En Kyoto, disfrutamos del paisaje antiguo de las calles y
los edificios tradicionales.
Antes de oscurecer, dimos un paseo hacia Gion, una parte
del casco histórico de Kyoto. Allí destacaba el ambiente de la antigüedad y la elegancia
de la antigua capital.
No nos lo esperábamos, pero por casualidad vimos a una
Geisha que iba a entrar en una casa. Desde un poco lejos, su perfil sonreía y se
notaba que era una chica guapa y vestía un Kimono muy bonito. Fue la primera
vez que alguno de los dos veíamos a una Geisha en persona.
Después de alejarnos de ella, dijimos:
"¡Cosas
inesperadas pasan!" "Era mejor no esperarla."
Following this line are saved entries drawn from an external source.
(* Let $(\{\mathcal{I}_i\}_{i=1}^k,Q,W)$ be a weighted stochastic block model on $[n]$ ($n>k$) with $B=Q\odot W$, and suppose there are $\rho\ge1$ and $\Delta>0$ with $\max_i|\mathcal{I}_i|/\min_i|\mathcal{I}_i|\le\rho$ and $\min_iB_{ii}-2\rho\max_i\sum_{j\ne i}B_{ij}\ge\Delta$. Let $A_{\mathrm{blk}}=P_{\{\mathcal{I}_i\}}BP_{\{\mathcal{I}_i\}}^T$ and $L_{\mathrm{blk}}=\mathrm{diag}\{A_{\mathrm{blk}}\mathbf{1}_n\}-A_{\mathrm{blk}}$. Let $n_{\min}=\min_i|\mathcal{I}_i|$ and $b_{\min}=\min_i[B\mathbf{1}_k]_i$. Then: (1) $L_{\mathrm{blk}}$ is $k$-block-ideal (with respect to $\{\mathcal{I}_i\}_{i=1}^k$); (2) $\lambda_{k+1}(L_{\mathrm{blk}})\ge b_{\min}n_{\min}$; (3) $\lambda_{k+1}(L_{\mathrm{blk}})-\lambda_k(L_{\mathrm{blk}})\ge\Delta n_{\min}$.
   Context: Weighted stochastic block model $(\{\mathcal{I}_i\}_{i=1}^k,Q,W)$: $\{\mathcal{I}_i\}$ a $k$-way partition of $[n]$, $Q\in[0,1]^{k\times k}$ and $W\in\mathbb{R}_{\ge0}^{k\times k}$ symmetric; adjacency entries $A_{ij}=A_{ji}$ equal $W_{(i),(j)}$ with probability $Q_{(i),(j)}$ and $0$ otherwise, independently for $i\ge j$, where $(j)=i$ iff $j\in\mathcal{I}_i$. Thus $A_{\mathrm{blk}}$ is the expected adjacency matrix (as printed). $\odot$ is the Hadamard product; $P_{\{\mathcal{I}_i\}}=[\mathbf{1}_{\mathcal{I}_1}\ \cdots\ \mathbf{1}_{\mathcal{I}_k}]$ with $\mathbf{1}_\mathcal{I}$ the indicator vector of $\mathcal{I}$. $\lambda_i(\cdot)$ denotes the $i$-th smallest eigenvalue. A Laplacian $L$ is $k$-block-ideal with respect to $\{\mathcal{I}_i\}$ if there is an invertible $S\in\mathbb{R}^{k\times k}$ with $[v_1(L)\ \cdots\ v_k(L)]=P_{\{\mathcal{I}_i\}}S$, where $v_1(L),\dots,v_k(L)$ are orthonormal eigenvectors for the $k$ smallest eigenvalues of $L$. *)

From HB Require Import structures.
From mathcomp Require Import all_boot all_order all_algebra.
From mathcomp Require Import reals.
Set Implicit Arguments. Unset Strict Implicit. Unset Printing Implicit Defensive.
Import Order.TTheory GRing.Theory Num.Theory.
Local Open Scope ring_scope.

Section Defs.
Variable R : realType.

Definition seqmin (s : seq R) : R := foldr Num.min (head 0 s) s.
Definition seqmax (s : seq R) : R := foldr Num.max (head 0 s) s.

Definition ordmin (k : nat) (f : 'I_k -> R) : R := seqmin [seq f i | i <- enum 'I_k].
Definition ordmax (k : nat) (f : 'I_k -> R) : R := seqmax [seq f i | i <- enum 'I_k].

(* A k-way partition {I_i} of [n] is given by the labelling lab : j |-> (j),
   with I_i = [set j | lab j == i]. *)
Definition block (n k : nat) (lab : 'I_n -> 'I_k) (i : 'I_k) : {set 'I_n} :=
  [set j | lab j == i].

Definition partmx (n k : nat) (lab : 'I_n -> 'I_k) : 'M[R]_(n, k) :=
  \matrix_(j, i) (lab j == i)%:R.

Definition laplacian (n : nat) (A : 'M[R]_n) : 'M[R]_n :=
  diag_mx (\row_i \sum_j A i j) - A.

(* s is the list of eigenvalues of A (with multiplicity), sorted increasingly;
   so lambda_i(A) = s`_(i-1). *)
Definition sorted_spectrum (n : nat) (A : 'M[R]_n) (s : seq R) : Prop :=
  sorted <=%R s /\ char_poly A = \prod_(x <- s) ('X - x%:P).

Definition k_block_ideal (n k : nat) (L : 'M[R]_n) (lab : 'I_n -> 'I_k) : Prop :=
  forall s, sorted_spectrum L s ->
  exists V : 'M[R]_(n, k),
    [/\ V^T *m V = 1%:M,
        forall j : 'I_k, L *m col j V = s`_j *: col j V &
        exists2 S : 'M[R]_k, S \in unitmx & V = partmx lab *m S].

End Defs.

From HB Require Import structures.
From mathcomp Require Import all_boot all_order all_algebra.
From mathcomp Require Import reals.
From mathcomp Require Import ring lra zify.
Set Implicit Arguments. Unset Strict Implicit. Unset Printing Implicit Defensive.
Import Order.TTheory GRing.Theory Num.Theory.
Local Open Scope ring_scope.

(* The Laplacian L of P B P^T maps the vector of block sums P^T x through the
   k x k quotient matrix C = diag(deg) - diag(|I|) B, where
   deg_i = sum_l B_il |I_l| is the degree of every vertex of block i.  Hence an
   eigenvector of L whose eigenvalue is below every deg_i is constant on blocks,
   while, by Gershgorin's theorem for C, an eigenvector whose eigenvalue exceeds
   t = 2 rho n_min max_i sum_(j != i) B_ij has zero block sums.  The hypothesis
   on Delta gives t + Delta n_min <= deg_i.  In an orthonormal eigenbasis the
   block-constant vectors span at most k dimensions and the vectors with zero
   block sums at most n - k, so lambda_k <= t < lambda_(k+1); the eigenvector
   of lambda_(k+1) has zero block sums, which forces lambda_(k+1) = deg_i for
   some i, and the k lowest eigenvectors are block-constant, i.e. of the form
   P S.  With 0-based indexing, lambda_(k+1) is s`_k. *)

Section RealDomainMatrix.
Variable R : realDomainType.

Lemma tr_mulmx_self_ge0 m (x : 'cV[R]_m) : 0 <= (x^T *m x) 0 0.
Proof. by rewrite mxE; apply: sumr_ge0 => i _; rewrite !mxE -expr2 sqr_ge0. Qed.

Lemma tr_mulmx_self_eq0 m (x : 'cV[R]_m) : ((x^T *m x) 0 0 == 0) = (x == 0).
Proof.
rewrite mxE psumr_eq0 => [|i _]; last by rewrite !mxE -expr2 sqr_ge0.
apply/allP/eqP => [x0|-> i _]; last by rewrite !mxE mul0r eqxx.
apply/matrixP => i j; rewrite ord1 mxE; apply/eqP.
by have := x0 i (mem_index_enum _); rewrite !mxE mulf_eq0 orbb.
Qed.

Lemma colsub_orthonormal m p q (f : 'I_q -> 'I_p) (U : 'M[R]_(m, p)) :
  injective f -> U^T *m U = 1%:M -> (colsub f U)^T *m colsub f U = 1%:M.
Proof.
move=> f_inj UU; rewrite trmx_mxsub mul_rowsub_mx mulmx_colsub UU.
by apply/matrixP => i j; rewrite !mxE (inj_eq f_inj).
Qed.

End RealDomainMatrix.

Section RealFieldMatrix.
Variable R : realFieldType.

Lemma orthonormal_rank m p (Y : 'M[R]_(m, p)) : Y^T *m Y = 1%:M -> \rank Y = p.
Proof.
move=> YY; apply/eqP; rewrite eqn_leq rank_leq_col /=.
by rewrite -{1}(mxrank1 R p) -YY mxrankM_maxr.
Qed.

Lemma householder m (e w : 'cV[R]_m) : e^T *m e = 1%:M -> w^T *m w = 1%:M ->
  exists H : 'M[R]_m, [/\ H^T = H, H *m H = 1%:M & H *m e = w].
Proof.
move=> ee ww; have [->|w_neq_e] := eqVneq w e.
  by exists 1%:M; rewrite trmx1 mulmx1 mul1mx.
set z := w - e; set q := (z^T *m z) 0 0; set d := (e^T *m w) 0 0.
have zz : z^T *m z = q%:M by exact: mx11_scalar.
have ew : e^T *m w = d%:M by exact: mx11_scalar.
have we : w^T *m e = d%:M by rewrite -[w^T *m e]trmxK trmx_mul trmxK ew tr_scalar_mx.
have qE : q = 2 - 2 * d.
  rewrite /q /z (linearB trmx) /= mulmxBl !mulmxBr ee ww ew we !mxE eqxx !mulr1n; ring.
have ze : z^T *m e = (d - 1)%:M.
  by rewrite /z (linearB trmx) /= mulmxBl ee we raddfB.
have q_neq0 : q != 0 by rewrite /q tr_mulmx_self_eq0 subr_eq0.
exists (1%:M - (2 / q) *: (z *m z^T)); split.
- by rewrite linearB /= linearZ /= trmx1 trmx_mul trmxK.
- have zzT_sqr : z *m z^T *m (z *m z^T) = q *: (z *m z^T).
    by rewrite mulmxA -(mulmxA z) zz mul_mx_scalar scalemxAl.
  rewrite mulmxBl mul1mx mulmxBr mulmx1 -scalemxAl -scalemxAr zzT_sqr !scalerA.
  have -> : 2 / q * (2 / q) * q = 2 / q + 2 / q by field.
  by rewrite scalerDl opprB addrK subrK.
- rewrite mulmxBl mul1mx -scalemxAl -mulmxA ze mul_mx_scalar scalerA.
  have -> : 2 / q * (d - 1) = -1 by move: q_neq0; rewrite qE => ?; field.
  by rewrite scaleN1r opprK addrC subrK.
Qed.

End RealFieldMatrix.

Lemma widen_ord_inj m p (le_mp : (m <= p)%N) : injective (widen_ord le_mp).
Proof. by move=> c c' e; apply: val_inj; exact: (congr1 val e). Qed.

Lemma col_mul_diag_mx (R : comPzRingType) m p (A : 'M[R]_(m, p)) (d : 'rV[R]_p) j :
  col j (A *m diag_mx d) = d 0 j *: col j A.
Proof. by apply/matrixP => a b; rewrite mul_mx_diag !mxE mulrC. Qed.

Lemma orthonormal_col_neq0 (R : nzRingType) m p (U : 'M[R]_(m, p)) j :
  U^T *m U = 1%:M -> col j U != 0.
Proof.
move=> UU; apply/eqP => Uj0; have := congr1 (fun M : 'M_p => M j j) UU.
rewrite !mxE eqxx big1 => [/eqP|l _]; first by rewrite eq_sym oner_eq0.
by have := congr1 (fun M : 'cV_m => M l 0) Uj0; rewrite !mxE => ->; rewrite mulr0.
Qed.

Lemma char_poly_conj (R : comNzRingType) m (P Q A : 'M[R]_m) :
  P *m Q = 1%:M -> char_poly (P *m A *m Q) = char_poly A.
Proof.
move=> PQ; pose Pp := map_mx polyC P; pose Qp := map_mx polyC Q.
have PQp : Pp *m Qp = 1%:M by rewrite -map_mxM PQ map_mx1.
have charE : char_poly_mx (P *m A *m Q) = Pp *m char_poly_mx A *m Qp.
  rewrite /char_poly_mx mulmxBr mulmxBl mul_mx_scalar -scalemxAl PQp scalemx1.
  by rewrite -!map_mxM.
by rewrite /char_poly charE !det_mulmx mulrAC -det_mulmx PQp det1 mul1r.
Qed.

Lemma block_mx_of_eigen_e0 (R : pzRingType) m (M : 'M[R]_(1 + m)) x :
  M^T = M -> M *m col_mx 1%:M 0 = x *: col_mx 1%:M 0 ->
  M = block_mx x%:M 0 0 (drsubmx M).
Proof.
move=> symM; rewrite -{1}[M]submxK mul_block_col !mulmx1 !mulmx0 !addr0.
rewrite scale_col_mx scaler0 scalemx1 => /eq_col_mx [ulM dlM].
have urM : ursubmx M = 0 by rewrite -symM -trmx_dlsub dlM trmx0.
by rewrite -[LHS]submxK ulM urM dlM.
Qed.

Lemma row_seq_cons (R : nmodType) m (x : R) (s : seq R) :
  \row_(j < 1 + m) (x :: s)`_j = row_mx x%:M (\row_(j < m) s`_j).
Proof.
apply/rowP => j; case: (split_ordP j) => [j0 ->|j1 ->].
  by rewrite row_mxEl !mxE ord1 eqxx mulr1n.
by rewrite row_mxEr !mxE.
Qed.

Lemma size_spectrum (R : comNzRingType) n (A : 'M[R]_n) (s : seq R) :
  char_poly A = \prod_(x <- s) ('X - x%:P) -> size s = n.
Proof.
move=> /(congr1 (fun p : {poly R} => size p)).
by rewrite /= size_char_poly size_prod_XsubC => -[].
Qed.

Section SymmetricSpectral.
Variable R : rcfType.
También al día siguiente, antes y después de visitar unos
templos, paseamos en las calles subiendo
y bajando cuestas, y almorzamos en un restaurante japonés.
Cuando merendamos en una cafetería, pedí un helado de té
verde y estuvo buenísimo.
Mientras cruzábamos un puente pequeño, vimos a un poco
lejos, en el rio, un ave blanco con patas largas. Mi pareja y yo hablamos de
eso:
"¿Es una grulla?"
En ese momento no tenía ni idea de como se llamaba. Pero
después de volver a España, me acordé de que era distinto de las grullas y de
su nombre.
Era un o una garza (Sagi).
Durante este viaje, caminamos mucho, y me picaron muchos
mosquitos.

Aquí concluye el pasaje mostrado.